Семью годами позже чукчи обвинили торговца из Нижнеколымска в мошенничестве и конфисковали его товары. Обиженный торговец пригрозил чукчам карательным походом правительственных войск. Когда об инциденте стало известно властям, торговца посадили в тюрьму, а колымский уездный исправник потребовал «немедленно внушить всему русскому населению Нижнеколымской части, чтобы они отнюдь ни чем не раздражали чукоч, под страхом, в противном случае, ответственности по суду военному». В том случае, если это заявление не покажется чукчам удовлетворительным, исправник выразил желание лично встретиться с их «князьцами»{429}.

Удаленные от важнейших центров русского влияния и неуловимые на своем малодоступном полуострове, чукчи находились на особом положении. Большинство других бродячих инородцев были «совершенно зависимыми», и если не игнорировались полностью, то редко воспринимались как источник опасности или дохода. Хотя случайные гости из Центральной России порой жалели или хвалили их, бродячие инородцы оставались особой категорией подданных и – за исключением вооруженных чукчей и нескольких преуспевающих торговцев – занимали низшие ступени общественной иерархии[49]49
  В некоторых старожильских областях обоюдно выгодные «дружеские» соглашения, возможно, могли привести к равенству статуса инородцев и старожилов. См.: Lindgren E.J. An Example of Culture Contact without Conflict.


[Закрыть]
. В старожильческом поселке или приграничном городке инородец, часто пьяный и растерянный, был легкой добычей шутников или бросающихся камнями мальчишек. Многие коренные северяне смотрели на каждого русского как на начальника и поступали соответствующим образом; большинство туземных старшин считали русских писарей вышестоящими лищми и выполняли их приказы{430}.

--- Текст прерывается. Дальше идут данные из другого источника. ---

(* Let $i\in[n]$ and $M_i=\{\beta\in\Phi^+\mid\beta\ge\alpha_i\}$. If $M_i$ is an abelian ideal, then it is a maximal abelian ideal (with respect to inclusion).
   Context: $\Phi$ is a finite irreducible crystallographic root system with basis $\Pi=\{\alpha_1,\dots,\alpha_n\}$ and positive roots $\Phi^+$. The root poset is $\Phi^+$ with $\beta\ge\gamma$ iff $\beta-\gamma$ is a nonnegative integer combination of simple roots. An abelian ideal is a subset $I\subseteq\Phi^+$ closed upward in the root poset with $(I+I)\cap\Phi=\emptyset$. *)

From mathcomp Require Import all_boot all_order all_algebra.
Set Implicit Arguments. Unset Strict Implicit. Unset Printing Implicit Defensive.
Import Order.TTheory GRing.Theory Num.Theory.
Local Open Scope ring_scope.

Section RootSystems.
Variables (R : realFieldType) (n : nat).

Definition dotv (u v : 'rV[R]_n) : R := (u *m v^T) 0 0.

Definition cartan_num (b a : 'rV[R]_n) : R := 2 * dotv b a / dotv a a.

Definition reflect_root (a b : 'rV[R]_n) : 'rV[R]_n := b - cartan_num b a *: a.

(* Finite reduced crystallographic root system in the Euclidean space R^n
   (Humphreys' axioms R1--R4): Phi finite (a list), spans, 0 not a root,
   only multiples +-a of a root a are roots, closed under reflections,
   Cartan numbers are integers. *)
Definition is_root_system (Phi : seq 'rV[R]_n) : Prop :=
  [/\ (0 : 'rV[R]_n) \notin Phi,
      (forall v : 'rV[R]_n, exists c : 'rV[R]_n -> R,
          v = \sum_(a <- Phi) c a *: a),
      (forall (a : 'rV[R]_n) (c : R), a \in Phi -> c *: a \in Phi ->
          c = 1 \/ c = -1),
      (forall a b, a \in Phi -> b \in Phi -> reflect_root a b \in Phi) &
      (forall a b, a \in Phi -> b \in Phi ->
          exists z : int, cartan_num b a = z%:~R) ].

Definition irreducible_rs (Phi : seq 'rV[R]_n) : Prop :=
  forall P : pred 'rV[R]_n,
    (forall a b, a \in Phi -> b \in Phi -> P a -> ~~ P b -> dotv a b = 0) ->
    (forall a, a \in Phi -> P a) \/ (forall a, a \in Phi -> ~~ P a).

Definition is_rs_basis (Phi : seq 'rV[R]_n) (alpha : 'I_n -> 'rV[R]_n) : Prop :=
  [/\ (forall i, alpha i \in Phi),
      (forall c : 'I_n -> R, \sum_i c i *: alpha i = 0 -> forall i, c i = 0) &
      (forall b, b \in Phi -> exists c : 'I_n -> int,
          b = \sum_i (c i)%:~R *: alpha i /\
          ((forall i, 0 <= c i) \/ (forall i, c i <= 0))) ].

Definition pos_root (Phi : seq 'rV[R]_n) (alpha : 'I_n -> 'rV[R]_n)
    (b : 'rV[R]_n) : Prop :=
  b \in Phi /\ exists c : 'I_n -> nat, b = \sum_i (c i)%:R *: alpha i.

Definition root_le (alpha : 'I_n -> 'rV[R]_n) (g b : 'rV[R]_n) : Prop :=
  exists c : 'I_n -> nat, b - g = \sum_i (c i)%:R *: alpha i.

Definition abelian_ideal (Phi : seq 'rV[R]_n) (alpha : 'I_n -> 'rV[R]_n)
    (I : 'rV[R]_n -> Prop) : Prop :=
  [/\ (forall b, I b -> pos_root Phi alpha b),
      (forall g b, I g -> pos_root Phi alpha b -> root_le alpha g b -> I b) &
      (forall b g, I b -> I g -> b + g \notin Phi) ].

Definition maximal_abelian_ideal (Phi : seq 'rV[R]_n) (alpha : 'I_n -> 'rV[R]_n)
    (I : 'rV[R]_n -> Prop) : Prop :=
  abelian_ideal Phi alpha I /\
  forall J : 'rV[R]_n -> Prop, abelian_ideal Phi alpha J ->
    (forall b, I b -> J b) -> forall b, J b <-> I b.

Definition M_set (Phi : seq 'rV[R]_n) (alpha : 'I_n -> 'rV[R]_n) (i : 'I_n)
    (b : 'rV[R]_n) : Prop :=
  pos_root Phi alpha b /\ root_le alpha (alpha i) b.

End RootSystems.

(** If some root [b] of an abelian ideal [J] containing [M_i] were outside
    [M_i], its [alpha_i]-coordinate would vanish.  For [g] in [M_i], the sum
    [b + g] is not a root, so [(b, g) >= 0]; the reflection [s_b] preserves
    [M_i] and negates [(b, g)], hence [b] is orthogonal to all of [M_i].
    By irreducibility no root is orthogonal to [M_i]: the roots orthogonal to
    [M_i] are orthogonal to all other roots, and [alpha_i] itself is not
    orthogonal to [M_i]. *)

From mathcomp Require Import all_boot all_order all_algebra.
From mathcomp Require Import ring lra zify.
From Stdlib Require Import ClassicalDescription Classical.
Set Implicit Arguments. Unset Strict Implicit. Unset Printing Implicit Defensive.
Import Order.TTheory GRing.Theory Num.Theory.
Local Open Scope ring_scope.

Lemma pred_of_prop (T : Type) (Q : T -> Prop) : exists P : pred T, forall x, P x <-> Q x.
Proof.
exists (fun x => if excluded_middle_informative (Q x) then true else false) => x.
by case: excluded_middle_informative.
Qed.

Section InnerProduct.
Variables (R : realFieldType) (n : nat).
Implicit Types (u v w : 'rV[R]_n) (a : R).

Lemma dotvE u v : dotv u v = \sum_j u 0 j * v 0 j.
Proof. by rewrite /dotv !mxE; apply: eq_bigr => j _; rewrite mxE. Qed.

Lemma dotvC u v : dotv u v = dotv v u.
Proof. by rewrite !dotvE; apply: eq_bigr => j _; rewrite mulrC. Qed.

Lemma dotvDl u w v : dotv (u + w) v = dotv u v + dotv w v.
Proof. by rewrite !dotvE -big_split; apply: eq_bigr => j _; rewrite mxE mulrDl. Qed.

Lemma dotvZl a u v : dotv (a *: u) v = a * dotv u v.
Proof. by rewrite !dotvE mulr_sumr; apply: eq_bigr => j _; rewrite mxE mulrA. Qed.

Lemma dotvNl u v : dotv (- u) v = - dotv u v.
Proof. by rewrite -scaleN1r dotvZl mulN1r. Qed.

Lemma dotvBl u w v : dotv (u - w) v = dotv u v - dotv w v.
Proof. by rewrite dotvDl dotvNl. Qed.

Lemma dotvZr a u v : dotv v (a *: u) = a * dotv v u.
Proof. by rewrite !(dotvC v) dotvZl. Qed.

Lemma dotvNr u v : dotv v (- u) = - dotv v u.
Proof. by rewrite !(dotvC v) dotvNl. Qed.

Lemma dotvBr u w v : dotv v (u - w) = dotv v u - dotv v w.
Proof. by rewrite !(dotvC v) dotvBl. Qed.

Lemma dotv_ge0 u : 0 <= dotv u u.
Proof. by rewrite dotvE; apply: sumr_ge0 => j _; rewrite -expr2 sqr_ge0. Qed.

Lemma dotv_eq0 u : dotv u u = 0 -> u = 0.
Proof.
rewrite dotvE => /eqP; rewrite psumr_eq0 => [/allP u0|j _]; last first.
  by rewrite -expr2 sqr_ge0.
apply/rowP => j; rewrite mxE; have -> : (0 : 'I_1) = ord0 by apply: val_inj.
by have := u0 j (mem_index_enum j); rewrite /= -expr2 sqrf_eq0 => /eqP.
Qed.

Lemma dotv_gt0 u : u != 0 -> 0 < dotv u u.
Proof. by move=> u0; rewrite lt_def dotv_ge0 andbT; apply: contra u0 => /eqP/dotv_eq0->. Qed.

(* Equality case of Cauchy-Schwarz: the defect of the projection of [u] on [v] vanishes. *)
Lemma cauchy_schwarz_eq u v : v != 0 ->
  dotv u u * dotv v v <= dotv u v ^+ 2 -> u = (dotv u v / dotv v v) *: v.
Proof.
move=> v0 uv; have vv_gt0 := dotv_gt0 v0; set t := dotv u v / dotv v v.
have defect : dotv (u - t *: v) (u - t *: v) * dotv v v
    = dotv u u * dotv v v - dotv u v ^+ 2.
  rewrite !dotvBl !dotvBr !dotvZl !dotvZr (dotvC v u) /t.
  by field; rewrite gt_eqF.
apply/eqP; rewrite -subr_eq0; apply/eqP/dotv_eq0/eqP.
by rewrite eq_le dotv_ge0 andbT -(pmulr_lle0 _ vv_gt0) defect subr_le0.
Qed.

Lemma cartan_numE u v : v != 0 -> cartan_num u v * dotv v v = 2 * dotv u v.
Proof. by move=> v0; rewrite /cartan_num mulfVK // gt_eqF // dotv_gt0. Qed.

Lemma dotv_reflect_root_self u v : u != 0 ->
  dotv u (reflect_root u v) = - dotv u v.
Proof.
move=> u0; rewrite /reflect_root dotvBr dotvZr cartan_numE //.
by rewrite (dotvC v u); ring.
Qed.

Lemma reflect_root_cartanN1 u v : cartan_num v u = -1 -> reflect_root u v = v + u.
Proof. by rewrite /reflect_root => ->; rewrite scaleN1r opprK. Qed.

End InnerProduct.

Section RootSystem.
Variables (R : realFieldType) (n : nat) (Phi : seq 'rV[R]_n).
Hypothesis Phi_rs : is_root_system Phi.

Lemma root_neq0 a : a \in Phi -> a != 0.
Proof. by case: Phi_rs => Phi0 _ _ _ _ aP; apply: contraNneq Phi0 => <-. Qed.

Lemma rootN a : a \in Phi -> - a \in Phi.
Proof.
move=> aP; have [_ _ _ Phi_refl _] := Phi_rs; have := Phi_refl a a aP aP.
rewrite /reflect_root /cartan_num mulfK ?gt_eqF ?dotv_gt0 ?root_neq0 //.
by rewrite scaler_nat mulr2n opprD addrA subrr sub0r.
Qed.

Lemma cartan_num_le_m2 a b : a \in Phi -> b \in Phi -> dotv a b < 0 ->
  cartan_num a b != -1 -> cartan_num a b <= -2.
Proof.
move=> aP bP ab_lt0; have [_ _ _ _ Phi_int] := Phi_rs.
have [z zE] := Phi_int b a bP aP; rewrite zE -[-1]/((-1 : int)%:~R) eqr_int.
have z_lt0 : z < 0.
  rewrite -(ltrz0 R) -zE -(pmulr_rlt0 _ (dotv_gt0 (root_neq0 bP))).
  by rewrite mulrC cartan_numE ?root_neq0 // pmulr_rlt0.
by move=> zN1; rewrite -[-2]/((-2 : int)%:~R) ler_int; lia.
Qed.

(* Two roots with an obtuse angle are either opposite or add up to a root:
   otherwise both Cartan numbers are at most [-2], which forces equality in
   Cauchy-Schwarz, and in a reduced root system proportional roots are [+-]. *)
Lemma root_add_of_dot_lt0 a b : a \in Phi -> b \in Phi -> dotv a b < 0 ->
  a + b != 0 -> a + b \in Phi.
Proof.
move=> aP bP ab_lt0 ab_neq0; have [_ _ Phi_red Phi_refl _] := Phi_rs.
have [a0 b0] := (root_neq0 aP, root_neq0 bP).
have [aa_gt0 bb_gt0] := (dotv_gt0 a0, dotv_gt0 b0).
have ba_lt0 : dotv b a < 0 by rewrite dotvC.
have [z1N1|z1_neq] := eqVneq (cartan_num a b) (-1).
  by rewrite -reflect_root_cartanN1 //; apply: Phi_refl.
have [z2N1|z2_neq] := eqVneq (cartan_num b a) (-1).
  by rewrite addrC -reflect_root_cartanN1 //; apply: Phi_refl.
have z1_le := cartan_num_le_m2 aP bP ab_lt0 z1_neq.
have z2_le := cartan_num_le_m2 bP aP ba_lt0 z2_neq.
have ab_le : dotv a b <= - dotv b b.
  by have := cartan_numE a b0; nra.
have ab_le' : dotv a b <= - dotv a a.
  by have := cartan_numE b a0; rewrite (dotvC b a); nra.
have aE : a = (dotv a b / dotv b b) *: b by apply: cauchy_schwarz_eq => //; nra.
have [t1|tN1] : dotv a b / dotv b b = 1 \/ dotv a b / dotv b b = -1.
- by apply: Phi_red bP _; rewrite -aE.
- by move: ab_lt0; rewrite aE t1 scale1r ltNge dotv_ge0.
- by move: ab_neq0; rewrite aE tN1 scaleN1r addNr eqxx.
Qed.

End RootSystem.

Section Coordinates.
Variables (R : realFieldType) (n : nat) (alpha : 'I_n -> 'rV[R]_n).

Lemma coord_uniq :
  (forall c : 'I_n -> R, \sum_k c k *: alpha k = 0 -> forall k, c k = 0) ->
  forall x y : 'I_n -> R, \sum_k x k *: alpha k = \sum_k y k *: alpha k ->
  forall k, x k = y k.
Proof.
move=> alpha_free x y xy k; apply/eqP; rewrite -subr_eq0; apply/eqP.
apply: (alpha_free (fun k => x k - y k)).
by under eq_bigr do rewrite scalerBl; rewrite sumrB xy subrr.
Qed.

Lemma sum_scale_delta i : \sum_k ((k == i)%:R : R) *: alpha k = alpha i.
Proof.
rewrite (bigD1 i) //= eqxx scale1r big1 ?addr0 // => k /negbTE ->.
by rewrite scale0r.
Qed.

Definition avoids (i : 'I_n) (b : 'rV[R]_n) : Prop :=
  exists c : 'I_n -> R, b = \sum_k c k *: alpha k /\ c i = 0.

Lemma reflect_rootE a b (xa xb : 'I_n -> R) :
  a = \sum_k xa k *: alpha k -> b = \sum_k xb k *: alpha k ->
  reflect_root a b = \sum_k (xb k - cartan_num b a * xa k) *: alpha k.
Proof.
move=> -> ->; rewrite /reflect_root scaler_sumr -sumrB.
by apply: eq_bigr => k _; rewrite scalerBl scalerA.
Qed.

End Coordinates.

Section SimpleRootSubset.
Variables (R : realFieldType) (n : nat) (Phi : seq 'rV[R]_n).
Variables (alpha : 'I_n -> 'rV[R]_n) (i : 'I_n).
Hypotheses (Phi_rs : is_root_system Phi) (alpha_basis : is_rs_basis Phi alpha).

Local Notation M := (M_set Phi alpha i).

Lemma M_setP z :
  M z <-> z \in Phi /\ exists x : 'I_n -> R, z = \sum_k x k *: alpha k /\ 1 <= x i.
Proof.
have [_ alpha_free alpha_sign] := alpha_basis; split.
  case=> [[zP _] [d dE]]; split=> //.
  exists (fun k => (d k)%:R + (k == i)%:R); split; last by rewrite eqxx lerDr.
  by under eq_bigr do rewrite scalerDl; rewrite big_split /= -dE sum_scale_delta subrK.
case=> zP [x [zE xi]]; have [c [cE c_sign]] := alpha_sign z zP.
move: xi; rewrite (coord_uniq alpha_free (etrans (esym zE) cE)) ler1z => ci.
case: c_sign => c_sign; last by have := c_sign i; lia.
split; first split=> //.
  by exists (fun k => `|c k|%N); rewrite cE; apply: eq_bigr => k _; rewrite natr_absz ger0_norm.
exists (fun k => `|c k - (k == i)%:Z|%N).
rewrite cE -(sum_scale_delta alpha i) -sumrB; apply: eq_bigr => k _.
rewrite -scalerBl natr_absz ger0_norm ?intrB //.
by have := c_sign k; case: eqP => [->|]; lia.
Qed.

Lemma M_set_root z : M z -> z \in Phi.
Proof. by case=> [[]]. Qed.

Lemma M_set_simple : M (alpha i).
Proof.
have [alphaP _ _] := alpha_basis; apply/M_setP; split=> //.
by exists (fun k => (k == i)%:R); rewrite sum_scale_delta eqxx.
Qed.

Lemma pos_root_avoids b : pos_root Phi alpha b -> ~ M b -> avoids alpha i b.
Proof.
case=> bP [e eE] bM; exists (fun k => (e k)%:R); split=> //.
have [->|ei] := eqVneq (e i) 0%N; first by [].
by case: bM; apply/M_setP; split=> //; exists (fun k => (e k)%:R); rewrite ler1n lt0n.
Qed.

Lemma root_avoidsVM y : y \in Phi -> [\/ avoids alpha i y, M y | M (- y)].
Proof.
move=> yP; have [_ _ alpha_sign] := alpha_basis.
have [c [yE c_sign]] := alpha_sign y yP.
have [ci|ci] := eqVneq (c i) 0; first by apply: Or31; exists (fun k => (c k)%:~R); rewrite ci.
case: c_sign => c_sign.
  apply: Or32; apply/M_setP; split=> //; exists (fun k => (c k)%:~R); split=> //.
  by rewrite ler1z; have := c_sign i; lia.
apply: Or33; apply/M_setP; split; first exact: rootN.
exists (fun k => - (c k)%:~R); split.
  by rewrite yE -sumrN; apply: eq_bigr => k _; rewrite scaleNr.
by rewrite -intrN ler1z; have := c_sign i; lia.
Qed.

Для большинства коренных жителей Севера адаптация к меняющимся хозяйственным условиям происходила недостаточно быстро. На Оби и Амуре в особенности они беспомощно наблюдали за тем, как истреблялась рыба и сдавались в аренду рыбные угодья{431}. Постоянные эпидемии, а на Амуре еще и недостаток женщин делали положение еще более тяжелым. Тем временем потребности плательщиков дани росли быстрее, чем их платежеспособность. Некоторые из ввозимых товаров, такие как огнестрельное оружие, сети, капканы и домашняя утварь, становились частью местной экономической жизни (хотя и с потенциально дестабилизирующими последствиями); другие, такие как яркая ткань, бусы и кольца, приобретали символическую ценность, но не имели хозяйственного значения за пределами туземных сообществ; третьи, особенно водка, заметно ухудшали позиции инородца в его взаимоотношениях с торговыми партнерами{432}. Некоторые коренные северяне стали полностью несостоятельными как охотники, рыболовы или оленеводы и нанимались на работу к русским купцам или крестьянам. Кто-то голодал, кто-то сидел у причала в ожидании корабля для разгрузки, а кто-то просил милостыню у входа в кабак{433}.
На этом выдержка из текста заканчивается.